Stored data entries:

Theorem mainTheorem17 (R : realType) (n : nat) (f : 'rV[R]_n -> \bar R)
  (x : 'rV[R]_n) (sigma : {perm 'I_n}) (tau : 'I_n -> {perm 'I_n}) :
  M_convex f ->
  (exists M : R, forall y, domR f y -> forall i, (`|y ord0 i| <= M)%R) ->
  domR f x ->
  phiR f x < 0 ->
  phiR f x < phiR f (PM_IncSlope f sigma tau x).
Proof.
move=> [[f_neqNy [_ [m [A [b [c f_epi]]]]]] f_exchange] [M dom_bounded] x_dom phi_lt0.
have phi_fin : phiR f x \is a fin_num.
  rewrite fin_numE (lt_eqF (lt_trans phi_lt0 (ltry 0%R))) andbT.
  by apply: phiR_neqNy => i j; apply: (fder_neqNy f_neqNy f_epi).
set p := fine (phiR f x); have phi_p : phiR f x = p%:E by rewrite /p (fineK phi_fin).
have p_lt0 : (p < 0)%R by rewrite -lte_fin -phi_p.
have x_ge : fder_ge f p x by move=> i j; rewrite -phi_p phiR_le_fder.
have [_ y_ge no_arc] := outer_loop_inv f_neqNy f_epi f_exchange dom_bounded p_lt0
  sigma tau (enum 'I_n) x_dom x_ge.
rewrite /PM_IncSlope phi_p; apply: phiR_gt; first exact: ltry.
move=> i j; rewrite lt_neqAle y_ge andbT eq_sym; apply: (no_arc i); right.
by apply/mapP; exists (sigma^-1 i)%g; rewrite ?mem_enum ?permKV.
Qed.
(* Let $d$ be a prime power, $\beta>0$, $0\le\eta\le 1$, and let $\rho^{\mathrm{iso}}_{a|x}(\eta)=\eta\frac1d|\phi^a_x\rangle\langle\phi^a_x|+(1-\eta)\frac{\mathbb{I}}{d^2}$, $a\in\{0,\dots,d-1\}$, $x\in\{0,\dots,d\}$, built from a complete set of $d+1$ mutually unbiased bases of $\mathbb{C}^d$. If $\eta>\Big(\sqrt d+\frac{1}{d+\sqrt d+1}\Big)^{-1}$, then $$\xi_{\max}\big(\{\rho^{\mathrm{iso}}_{a|x}(\eta)\}_{a,x}\big)\ \ge\ \frac{(d+1)\big(1+\eta(d-1)\big)}{d(1+\sqrt d)}\ >\ 1;$$ in particular for $\eta=1$, $\xi_{\max}\ge\frac{d+1}{\sqrt d+1}$.
   Context: A complete set of MUBs: $d+1$ orthonormal bases $\{|\phi^a_x\rangle\}_a$ of $\mathbb{C}^d$ with $|\langle\phi^a_x|\phi^b_y\rangle|=1/\sqrt d$ for $x\ne y$. For an assemblage $\{\rho_{a|x}\}$ (PSD operators $\rho_{a|x}=\operatorname{Tr}_A[(M_{a|x}\otimes\mathbb{I})\rho_{AB}]$) with $p(a|x)=\operatorname{Tr}\rho_{a|x}$ and Hermitian $H_{a|x}$ on $\mathbb{C}^d$, $Q_c(\{\rho_{a|x}\},\{H_{a|x}\})=\frac1n\sum_{a,x}[\operatorname{Tr}(H_{a|x}\rho_{a|x})-\operatorname{Tr}(H_{a|x}\gamma_{a|x})]$ with $\gamma_{a|x}=p(a|x)e^{-\beta H_{a|x}}/\operatorname{Tr}e^{-\beta H_{a|x}}$, $n$ the number of inputs. $\mathcal{L}$ is the set of unsteerable assemblages (those with $\rho_{a|x}=\int d\lambda\,p(\lambda)p(a|x,\lambda)\sigma_\lambda$), $\mathcal{L}_\rho=\{\{\sigma_{a|x}\}\in\mathcal{L}:\operatorname{Tr}\sigma_{a|x}=\operatorname{Tr}\rho_{a|x}\ \forall a,x\}$, and $\xi_{\max}(\{\rho_{a|x}\})=\sup_{\{H_{a|x}\}} Q_c(\{\rho_{a|x}\},\{H_{a|x}\})/\max_{\{\sigma_{a|x}\}\in\mathcal{L}_\rho}Q_c(\{\sigma_{a|x}\},\{H_{a|x}\})$, the supremum over Hermitian families with strictly positive denominator. *)

From mathcomp Require Import all_boot all_order all_algebra.
From mathcomp Require Import complex.
From mathcomp Require Import all_classical all_reals all_analysis.
Set Implicit Arguments. Unset Strict Implicit. Unset Printing Implicit Defensive.
Import Order.TTheory GRing.Theory Num.Theory numFieldNormedType.Exports.
Local Open Scope ring_scope.
Local Open Scope classical_set_scope.
Lemma position_gap_le_RInt i j t : (i < N)%nat -> (j < N)%nat -> 2 * tau <= t ->
  enorm d (fun k => x j (t - tau) k - x i (t - sigma) k)
  <= enorm d (fun k => x j tau k - x i (2 * tau - sigma) k)
     + RInt (fun s => enorm d (fun k => vc j (s - tau) k - vc i (s - sigma) k)) (2 * tau) t.
Proof.
  intros Hi Hj Ht.
  set (X i k := extend_left (- tau) (fun s => x i s k) (fun s => v i s k)).
  set (F k s := X j k (s - tau) - X i k (s - sigma)).
  assert (HX : forall i k s, - tau <= s -> X i k s = x i s k)
    by (intros; unfold X; apply extend_left_eq; assumption).
  rewrite (enorm_ext d _ (fun k => F k (2 * tau) + (F k t - F k (2 * tau))))
    by (intros; unfold F; rewrite !HX by lra; ring).
  eapply Rle_trans; [apply enorm_add_le | apply Rplus_le_compat].
  - right; apply enorm_ext; intros k _; unfold F.
    rewrite !HX by lra. replace (2 * tau - tau) with tau by ring. reflexivity.
  - apply (enorm_sub_le_RInt d F (fun k s => vc j (s - tau) k - vc i (s - sigma) k)); [lra | |].
    + intros k s Hk.
      apply (is_derive_minus (fun s => X j k (s - tau)) (fun s => X i k (s - sigma)));
        apply is_derive_shift, is_derive_extend_left; intros; apply Hx; auto.
    + intros k s Hk. apply continuous_Rminus; apply (continuous_shift (fun s => vc _ s k));
        apply continuous_vc; auto.
Qed.

Lemma position_gap_le i j t : (i < N)%nat -> (j < N)%nat -> 2 * tau <= t ->
  enorm d (fun k => x j (t - tau) k - x i (t - sigma) k)
  <= enorm d (fun k => x j tau k - x i (2 * tau - sigma) k)
     + RInt (fun s => Gfun N d tau beta v (s - tau)
                      + / beta * exp (2 * tau) * Gfun N d tau beta v (s - sigma)
                      + RInt (fun r => Gfun N d tau beta v (r - tau)) (s - tau) (s - sigma))
            (2 * tau) t.
Proof.
  intros Hi Hj Ht.
  eapply Rle_trans; [apply position_gap_le_RInt; assumption | apply Rplus_le_compat_l].
  apply Rle_trans with (RInt Gbound (2 * tau) t).
  - apply RInt_le_cont; [exact Ht | | exact continuous_Gbound |].
    + intros s; apply continuous_enorm; intros k Hk.
      apply continuous_Rminus; apply (continuous_shift (fun s => vc _ s k));
        apply continuous_vc; auto.
    + intros s Hs; apply relative_velocity_le; auto; lra.
  - right; apply RInt_ext; intros s Hs. rewrite Rmin_left, Rmax_right in Hs by lra.
    unfold Gbound; rewrite !Gfun_eq_G by lra. f_equal.
    apply RInt_ext; intros r Hr. rewrite Rmin_left, Rmax_right in Hr by lra.
    symmetry; apply Gfun_eq_G; lra.
Qed.

End DelayedCuckerSmale.

Theorem lemma4p4 (N d : nat) (sigma tau beta : R) (psi : R -> R)
  (x v : nat -> R -> nat -> R) :
  (2 <= N)%nat -> (1 <= d)%nat -> 0 <= sigma -> sigma <= tau ->
  (* psi : [0,oo) -> [0,oo) continuous, nonincreasing, positive, sup psi <= 1 *)
  (forall r, 0 <= r -> cont_within (fun u => 0 <= u) psi r) ->
  (forall r1 r2, 0 <= r1 -> r1 <= r2 -> psi r2 <= psi r1) ->
  (forall r, 0 <= r -> 0 < psi r <= 1) ->
  (* x_i is C^1 on [-tau,oo) with x_i' = v_i (initial data on [-tau,0], ODE for t>0) *)
  (forall i k t, (i < N)%nat -> (k < d)%nat -> - tau <= t ->
     deriv_within (fun u => - tau <= u) (fun s => x i s k) t (v i t k)) ->
  (* v_i continuous on [-tau,oo) *)
  (forall i k t, (i < N)%nat -> (k < d)%nat -> - tau <= t ->
     cont_within (fun u => - tau <= u) (fun s => v i s k) t) ->
  (* velocity equation for t > 0 *)
  (forall i k t, (i < N)%nat -> (k < d)%nat -> 0 < t ->
     is_derive (fun s => v i s k) t (CS_rhs N d psi sigma tau x v i t k)) ->
  (* v_i continuously differentiable on [0,oo) *)
  (forall i k, (i < N)%nat -> (k < d)%nat ->
     exists w : R -> R, forall t, 0 <= t ->
       deriv_within (fun u => 0 <= u) (fun s => v i s k) t (w t) /\
       cont_within (fun u => 0 <= u) w t) ->
  0 < beta ->
  forall i j t, (i < N)%nat -> (j < N)%nat -> 2 * tau <= t ->
    enorm d (fun k => x j (t - tau) k - x i (t - sigma) k)
    <= enorm d (fun k => x j tau k - x i (2 * tau - sigma) k)
       + RInt (fun s => Gfun N d tau beta v (s - tau)
                        + / beta * exp (2 * tau) * Gfun N d tau beta v (s - sigma)
                        + RInt (fun r => Gfun N d tau beta v (r - tau)) (s - tau) (s - sigma))
              (2 * tau) t.
Proof.
  intros HN _ Hsigma Hsigma_tau _ _ Hpsi Hx Hv Hode HC1 Hbeta.
  destruct (functional_choice (fun (ik : nat * nat) (w : R -> R) =>
      (fst ik < N)%nat -> (snd ik < d)%nat -> forall t, 0 <= t ->
      deriv_within (fun u => 0 <= u) (fun s => v (fst ik) s (snd ik)) t (w t) /\
      cont_within (fun u => 0 <= u) w t)) as [W HW].
  { intros [i k]; simpl.
    destruct (Compare_dec.lt_dec i N), (Compare_dec.lt_dec k d);
      try (exists (fun _ => 0); intros; lia).
    destruct (HC1 i k) as [w Hw]; auto. exists w; auto. }
  apply (position_gap_le N d sigma tau beta psi x v (fun i k => W (i, k))); auto.
  - intros r Hr; specialize (Hpsi r Hr); lra.
  - intros i k t Hi Hk Ht; apply (HW (i, k)); auto.
Qed.
(* Let $G$ be a non-abelian subgroup of $\mathcal{H}(n,\mathbb{C})$ with $\Lambda_G\not\subset\mathbb{R}$ and $G\not\subset\mathcal{SR}_n$, and let $U=\mathbb{C}^n\setminus E_G$. The following are equivalent: (1) $G$ has a dense orbit in $\mathbb{C}^n$; (2) every orbit $G(z)$ with $z\in U$ is dense in $\mathbb{C}^n$; (3) either $E_G=\mathbb{C}^n$, or $\dim_{\mathbb{C}}E_G=n-1$ and $\overline{\Lambda_G}=\mathbb{C}$.
   Context: $\mathcal{H}(n,\mathbb{C})$ is the group of all maps $z\mapsto\lambda z+b$ of $\mathbb{C}^n$ with $\lambda\in\mathbb{C}^*$, $b\in\mathbb{C}^n$ ($\lambda$ = ratio); $\mathcal{T}_n$ = translations; every element of $\mathcal{H}(n,\mathbb{C})\setminus\mathcal{T}_n$ has a unique fixed point, its center. $H_2=(\frac{\pi}{2}+\pi\mathbb{Z})\cup\pi\mathbb{Z}$, $F_2=\{e^{ix}:x\in H_2\}$, $H_3=(\frac{\pi}{3}+\pi\mathbb{Z})\cup(-\frac{\pi}{3}+\pi\mathbb{Z})\cup\pi\mathbb{Z}$, $F_3=\{e^{ix}:x\in H_3\}$; $\mathcal{S}_i\mathcal{R}_n=\{z\mapsto\lambda z+b:\lambda\in F_i, b\in\mathbb{C}^n\}$, $\mathcal{SR}_n=\mathcal{S}_2\mathcal{R}_n\cup\mathcal{S}_3\mathcal{R}_n$. For a subgroup $G$: $G(z)$ is the orbit; $\Lambda_G$ the set of ratios of elements of $G$, $\overline{\Lambda_G}$ its closure in $\mathbb{C}$; $\Gamma_G$ the set of centers of elements of $G\setminus\mathcal{T}_n$; $E_G$ the smallest complex affine subspace of $\mathbb{C}^n$ containing $\Gamma_G$. *)

From Stdlib Require Import Reals ZArith.
Open Scope R_scope.

Definition C := (R * R)%type.
Definition C0 : C := (0, 0).
Definition C1 : C := (1, 0).
Definition Cadd (z w : C) : C := (fst z + fst w, snd z + snd w).
Definition Copp (z : C) : C := (- fst z, - snd z).
Definition Csub (z w : C) : C := Cadd z (Copp w).
Definition Cmul (z w : C) : C :=
  (fst z * fst w - snd z * snd w, fst z * snd w + snd z * fst w).
Definition Cinv (z : C) : C :=
  (fst z / (fst z ^ 2 + snd z ^ 2), - snd z / (fst z ^ 2 + snd z ^ 2)).
Definition Cnorm (z : C) : R := sqrt (fst z ^ 2 + snd z ^ 2).
Definition Cexpi (x : R) : C := (cos x, sin x).

Definition idx (n : nat) := {i : nat | (i < n)%nat}.
Definition vec (n : nat) := idx n -> C.
Definition vzero {n} : vec n := fun _ => C0.
Definition vadd {n} (z w : vec n) : vec n := fun i => Cadd (z i) (w i).
Definition vscale {n} (a : C) (z : vec n) : vec n := fun i => Cmul a (z i).
Fixpoint vlin {n} (k : nat) (c : nat -> C) (v : nat -> vec n) : vec n :=
  match k with
  | O => vzero
  | S k' => vadd (vlin k' c v) (vscale (c k') (v k'))
  end.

Assignment:
Copy range, inclusive: the line holding "rewrite (enorm_ext d" to the line holding "apply is_derive_shift, is_derive_extend_left;". Reproduce exactly those lines of the records above and no others.

Exercise output:
  rewrite (enorm_ext d _ (fun k => F k (2 * tau) + (F k t - F k (2 * tau))))
    by (intros; unfold F; rewrite !HX by lra; ring).
  eapply Rle_trans; [apply enorm_add_le | apply Rplus_le_compat].
  - right; apply enorm_ext; intros k _; unfold F.
    rewrite !HX by lra. replace (2 * tau - tau) with tau by ring. reflexivity.
  - apply (enorm_sub_le_RInt d F (fun k s => vc j (s - tau) k - vc i (s - sigma) k)); [lra | |].
    + intros k s Hk.
      apply (is_derive_minus (fun s => X j k (s - tau)) (fun s => X i k (s - sigma)));
        apply is_derive_shift, is_derive_extend_left; intros; apply Hx; auto.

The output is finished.